*** Opening of Records for this exercise ***
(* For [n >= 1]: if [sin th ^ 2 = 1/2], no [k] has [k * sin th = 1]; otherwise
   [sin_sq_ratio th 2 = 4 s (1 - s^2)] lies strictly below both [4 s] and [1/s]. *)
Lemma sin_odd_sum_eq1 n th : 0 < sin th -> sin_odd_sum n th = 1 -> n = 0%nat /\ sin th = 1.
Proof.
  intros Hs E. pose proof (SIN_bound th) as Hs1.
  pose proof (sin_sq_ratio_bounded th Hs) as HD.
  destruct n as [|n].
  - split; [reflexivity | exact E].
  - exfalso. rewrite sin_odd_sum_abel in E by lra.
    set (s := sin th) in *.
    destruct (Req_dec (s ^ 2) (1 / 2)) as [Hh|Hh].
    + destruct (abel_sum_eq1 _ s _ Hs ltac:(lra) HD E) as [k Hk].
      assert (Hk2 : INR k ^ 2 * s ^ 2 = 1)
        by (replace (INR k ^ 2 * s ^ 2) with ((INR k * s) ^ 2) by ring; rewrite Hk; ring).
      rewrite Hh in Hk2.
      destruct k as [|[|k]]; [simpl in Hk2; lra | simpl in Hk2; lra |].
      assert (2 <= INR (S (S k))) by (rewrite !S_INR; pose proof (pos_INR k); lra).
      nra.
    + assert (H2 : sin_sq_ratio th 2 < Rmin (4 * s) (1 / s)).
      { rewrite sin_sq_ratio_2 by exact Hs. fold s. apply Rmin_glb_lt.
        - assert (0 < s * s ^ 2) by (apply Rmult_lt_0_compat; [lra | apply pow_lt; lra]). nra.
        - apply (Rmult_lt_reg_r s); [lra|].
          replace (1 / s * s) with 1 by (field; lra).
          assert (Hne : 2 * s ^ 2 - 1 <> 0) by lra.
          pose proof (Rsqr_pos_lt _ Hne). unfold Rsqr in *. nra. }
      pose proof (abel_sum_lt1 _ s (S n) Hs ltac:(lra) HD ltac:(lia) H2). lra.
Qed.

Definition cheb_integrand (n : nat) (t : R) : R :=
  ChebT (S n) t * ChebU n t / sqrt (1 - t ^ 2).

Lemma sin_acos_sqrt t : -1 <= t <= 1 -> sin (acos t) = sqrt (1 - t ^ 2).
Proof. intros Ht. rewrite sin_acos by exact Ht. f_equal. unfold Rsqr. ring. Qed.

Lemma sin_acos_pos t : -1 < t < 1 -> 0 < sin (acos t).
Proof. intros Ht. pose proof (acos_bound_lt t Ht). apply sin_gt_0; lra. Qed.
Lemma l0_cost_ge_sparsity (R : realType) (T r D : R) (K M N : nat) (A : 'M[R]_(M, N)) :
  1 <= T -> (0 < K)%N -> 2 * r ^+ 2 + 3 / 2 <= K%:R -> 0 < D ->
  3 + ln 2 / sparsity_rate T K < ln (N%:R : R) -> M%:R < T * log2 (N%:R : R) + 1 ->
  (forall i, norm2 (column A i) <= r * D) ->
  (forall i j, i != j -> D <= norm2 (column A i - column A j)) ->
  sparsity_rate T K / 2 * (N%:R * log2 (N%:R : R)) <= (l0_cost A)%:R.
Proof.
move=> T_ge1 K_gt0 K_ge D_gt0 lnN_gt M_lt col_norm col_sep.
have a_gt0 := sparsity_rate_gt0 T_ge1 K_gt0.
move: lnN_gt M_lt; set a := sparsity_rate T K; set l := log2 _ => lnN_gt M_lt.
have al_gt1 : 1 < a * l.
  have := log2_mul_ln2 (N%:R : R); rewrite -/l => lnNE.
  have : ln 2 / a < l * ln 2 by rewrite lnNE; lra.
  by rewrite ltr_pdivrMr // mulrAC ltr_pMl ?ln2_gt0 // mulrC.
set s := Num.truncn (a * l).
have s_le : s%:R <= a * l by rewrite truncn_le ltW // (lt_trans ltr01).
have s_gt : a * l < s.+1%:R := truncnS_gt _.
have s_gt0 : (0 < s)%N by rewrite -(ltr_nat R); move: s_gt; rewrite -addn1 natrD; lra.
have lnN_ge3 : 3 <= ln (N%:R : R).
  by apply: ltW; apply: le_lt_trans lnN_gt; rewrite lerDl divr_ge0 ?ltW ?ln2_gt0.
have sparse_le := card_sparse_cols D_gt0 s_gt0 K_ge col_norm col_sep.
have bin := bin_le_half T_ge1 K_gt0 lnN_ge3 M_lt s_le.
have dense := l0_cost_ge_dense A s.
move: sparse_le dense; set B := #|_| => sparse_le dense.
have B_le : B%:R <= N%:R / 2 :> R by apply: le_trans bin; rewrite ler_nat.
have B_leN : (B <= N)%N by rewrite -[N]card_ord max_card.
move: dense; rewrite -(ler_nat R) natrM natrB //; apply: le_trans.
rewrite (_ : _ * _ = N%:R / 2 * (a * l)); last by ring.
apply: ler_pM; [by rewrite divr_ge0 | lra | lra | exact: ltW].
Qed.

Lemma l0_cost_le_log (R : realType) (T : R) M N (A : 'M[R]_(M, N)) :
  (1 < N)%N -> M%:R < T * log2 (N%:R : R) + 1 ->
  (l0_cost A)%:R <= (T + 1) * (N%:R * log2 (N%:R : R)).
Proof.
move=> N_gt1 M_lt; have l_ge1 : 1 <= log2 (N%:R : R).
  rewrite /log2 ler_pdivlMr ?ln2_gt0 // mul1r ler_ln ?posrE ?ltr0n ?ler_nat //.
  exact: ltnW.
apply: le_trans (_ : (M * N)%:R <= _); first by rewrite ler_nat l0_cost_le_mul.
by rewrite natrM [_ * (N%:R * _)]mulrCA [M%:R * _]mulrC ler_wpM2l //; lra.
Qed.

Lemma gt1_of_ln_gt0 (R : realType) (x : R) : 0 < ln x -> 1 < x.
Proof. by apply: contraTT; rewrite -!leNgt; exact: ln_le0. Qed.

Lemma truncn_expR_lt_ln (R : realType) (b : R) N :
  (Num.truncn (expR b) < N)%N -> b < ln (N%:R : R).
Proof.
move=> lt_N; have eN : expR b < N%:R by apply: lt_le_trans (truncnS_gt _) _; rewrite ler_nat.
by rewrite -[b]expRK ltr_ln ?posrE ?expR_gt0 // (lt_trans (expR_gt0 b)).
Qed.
*** Close of Records for this exercise ***
*** Opening of Records for this exercise ***
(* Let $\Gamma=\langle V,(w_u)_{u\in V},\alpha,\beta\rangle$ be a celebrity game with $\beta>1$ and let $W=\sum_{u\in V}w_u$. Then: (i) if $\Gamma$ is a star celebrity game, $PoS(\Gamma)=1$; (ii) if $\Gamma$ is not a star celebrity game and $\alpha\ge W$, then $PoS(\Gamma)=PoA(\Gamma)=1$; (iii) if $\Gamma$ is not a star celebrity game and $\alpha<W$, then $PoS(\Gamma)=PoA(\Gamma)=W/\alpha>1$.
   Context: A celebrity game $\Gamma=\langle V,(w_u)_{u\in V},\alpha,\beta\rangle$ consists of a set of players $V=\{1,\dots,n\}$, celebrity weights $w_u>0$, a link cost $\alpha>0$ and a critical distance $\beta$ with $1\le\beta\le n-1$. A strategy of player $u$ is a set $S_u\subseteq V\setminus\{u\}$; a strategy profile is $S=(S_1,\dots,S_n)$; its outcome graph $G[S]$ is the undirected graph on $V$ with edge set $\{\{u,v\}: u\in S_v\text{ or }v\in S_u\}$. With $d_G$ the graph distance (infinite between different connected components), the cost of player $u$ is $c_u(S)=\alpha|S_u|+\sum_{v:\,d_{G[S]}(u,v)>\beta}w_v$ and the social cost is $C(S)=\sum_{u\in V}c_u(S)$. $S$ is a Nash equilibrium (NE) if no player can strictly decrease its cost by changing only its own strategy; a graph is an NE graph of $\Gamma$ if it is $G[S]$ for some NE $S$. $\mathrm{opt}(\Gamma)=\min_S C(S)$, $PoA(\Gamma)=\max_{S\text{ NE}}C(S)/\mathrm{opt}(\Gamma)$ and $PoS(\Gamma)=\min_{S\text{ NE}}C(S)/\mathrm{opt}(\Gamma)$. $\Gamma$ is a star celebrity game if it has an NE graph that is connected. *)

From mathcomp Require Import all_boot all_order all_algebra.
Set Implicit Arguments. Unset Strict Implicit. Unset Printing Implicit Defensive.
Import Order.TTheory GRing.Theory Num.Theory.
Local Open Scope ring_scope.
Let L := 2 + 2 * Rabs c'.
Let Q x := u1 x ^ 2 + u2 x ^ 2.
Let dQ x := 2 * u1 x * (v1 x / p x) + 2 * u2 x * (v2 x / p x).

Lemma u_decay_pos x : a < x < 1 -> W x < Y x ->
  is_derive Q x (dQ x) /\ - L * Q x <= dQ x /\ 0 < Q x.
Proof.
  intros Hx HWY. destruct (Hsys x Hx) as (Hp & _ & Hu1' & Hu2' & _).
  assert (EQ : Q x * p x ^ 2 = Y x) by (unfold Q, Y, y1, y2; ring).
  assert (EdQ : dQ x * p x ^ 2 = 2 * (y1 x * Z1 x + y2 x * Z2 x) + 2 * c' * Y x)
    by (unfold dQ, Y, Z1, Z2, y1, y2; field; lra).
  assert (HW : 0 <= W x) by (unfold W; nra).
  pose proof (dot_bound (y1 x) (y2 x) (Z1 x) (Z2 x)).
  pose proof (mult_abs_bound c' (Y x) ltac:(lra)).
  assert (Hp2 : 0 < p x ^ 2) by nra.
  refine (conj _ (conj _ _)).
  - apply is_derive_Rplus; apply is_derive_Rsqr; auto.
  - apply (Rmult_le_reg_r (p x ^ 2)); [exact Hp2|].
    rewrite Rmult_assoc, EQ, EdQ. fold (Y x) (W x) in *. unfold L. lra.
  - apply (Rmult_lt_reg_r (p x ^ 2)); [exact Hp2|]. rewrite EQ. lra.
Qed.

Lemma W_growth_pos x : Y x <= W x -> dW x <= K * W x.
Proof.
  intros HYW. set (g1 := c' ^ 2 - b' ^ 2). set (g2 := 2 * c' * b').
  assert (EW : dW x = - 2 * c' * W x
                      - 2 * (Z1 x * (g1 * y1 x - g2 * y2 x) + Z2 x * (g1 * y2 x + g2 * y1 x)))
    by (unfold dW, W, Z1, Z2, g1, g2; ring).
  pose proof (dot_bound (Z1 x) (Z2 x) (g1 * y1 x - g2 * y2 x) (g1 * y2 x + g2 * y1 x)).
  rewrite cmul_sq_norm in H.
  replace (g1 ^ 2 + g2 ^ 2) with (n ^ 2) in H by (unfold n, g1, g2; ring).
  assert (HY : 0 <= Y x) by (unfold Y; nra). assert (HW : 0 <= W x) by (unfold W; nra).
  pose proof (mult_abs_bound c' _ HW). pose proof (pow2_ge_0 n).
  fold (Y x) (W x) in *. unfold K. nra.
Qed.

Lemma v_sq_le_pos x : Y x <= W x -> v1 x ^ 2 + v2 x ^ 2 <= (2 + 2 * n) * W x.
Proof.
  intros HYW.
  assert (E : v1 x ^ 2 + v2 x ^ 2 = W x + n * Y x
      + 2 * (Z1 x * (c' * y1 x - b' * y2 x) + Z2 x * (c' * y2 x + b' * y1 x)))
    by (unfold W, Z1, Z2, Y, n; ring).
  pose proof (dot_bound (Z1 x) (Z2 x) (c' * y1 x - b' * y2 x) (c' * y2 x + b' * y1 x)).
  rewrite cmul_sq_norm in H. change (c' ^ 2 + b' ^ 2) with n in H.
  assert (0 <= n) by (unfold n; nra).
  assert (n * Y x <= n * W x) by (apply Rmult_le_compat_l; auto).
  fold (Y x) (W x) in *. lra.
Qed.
*** Close of Records for this exercise ***
#### Exercise aim:
Above are the records. Copy the lines beginning at the one that has "refine (conj _ (conj _ _))." and ending with the one that has "by (unfold W, Z1, Z2, Y, n; ring).", unchanged.

#### Answer to this task:
  refine (conj _ (conj _ _)).
  - apply is_derive_Rplus; apply is_derive_Rsqr; auto.
  - apply (Rmult_le_reg_r (p x ^ 2)); [exact Hp2|].
    rewrite Rmult_assoc, EQ, EdQ. fold (Y x) (W x) in *. unfold L. lra.
  - apply (Rmult_lt_reg_r (p x ^ 2)); [exact Hp2|]. rewrite EQ. lra.
Qed.

Lemma W_growth_pos x : Y x <= W x -> dW x <= K * W x.
Proof.
  intros HYW. set (g1 := c' ^ 2 - b' ^ 2). set (g2 := 2 * c' * b').
  assert (EW : dW x = - 2 * c' * W x
                      - 2 * (Z1 x * (g1 * y1 x - g2 * y2 x) + Z2 x * (g1 * y2 x + g2 * y1 x)))
    by (unfold dW, W, Z1, Z2, g1, g2; ring).
  pose proof (dot_bound (Z1 x) (Z2 x) (g1 * y1 x - g2 * y2 x) (g1 * y2 x + g2 * y1 x)).
  rewrite cmul_sq_norm in H.
  replace (g1 ^ 2 + g2 ^ 2) with (n ^ 2) in H by (unfold n, g1, g2; ring).
  assert (HY : 0 <= Y x) by (unfold Y; nra). assert (HW : 0 <= W x) by (unfold W; nra).
  pose proof (mult_abs_bound c' _ HW). pose proof (pow2_ge_0 n).
  fold (Y x) (W x) in *. unfold K. nra.
Qed.

Lemma v_sq_le_pos x : Y x <= W x -> v1 x ^ 2 + v2 x ^ 2 <= (2 + 2 * n) * W x.
Proof.
  intros HYW.
  assert (E : v1 x ^ 2 + v2 x ^ 2 = W x + n * Y x
      + 2 * (Z1 x * (c' * y1 x - b' * y2 x) + Z2 x * (c' * y2 x + b' * y1 x)))
    by (unfold W, Z1, Z2, Y, n; ring).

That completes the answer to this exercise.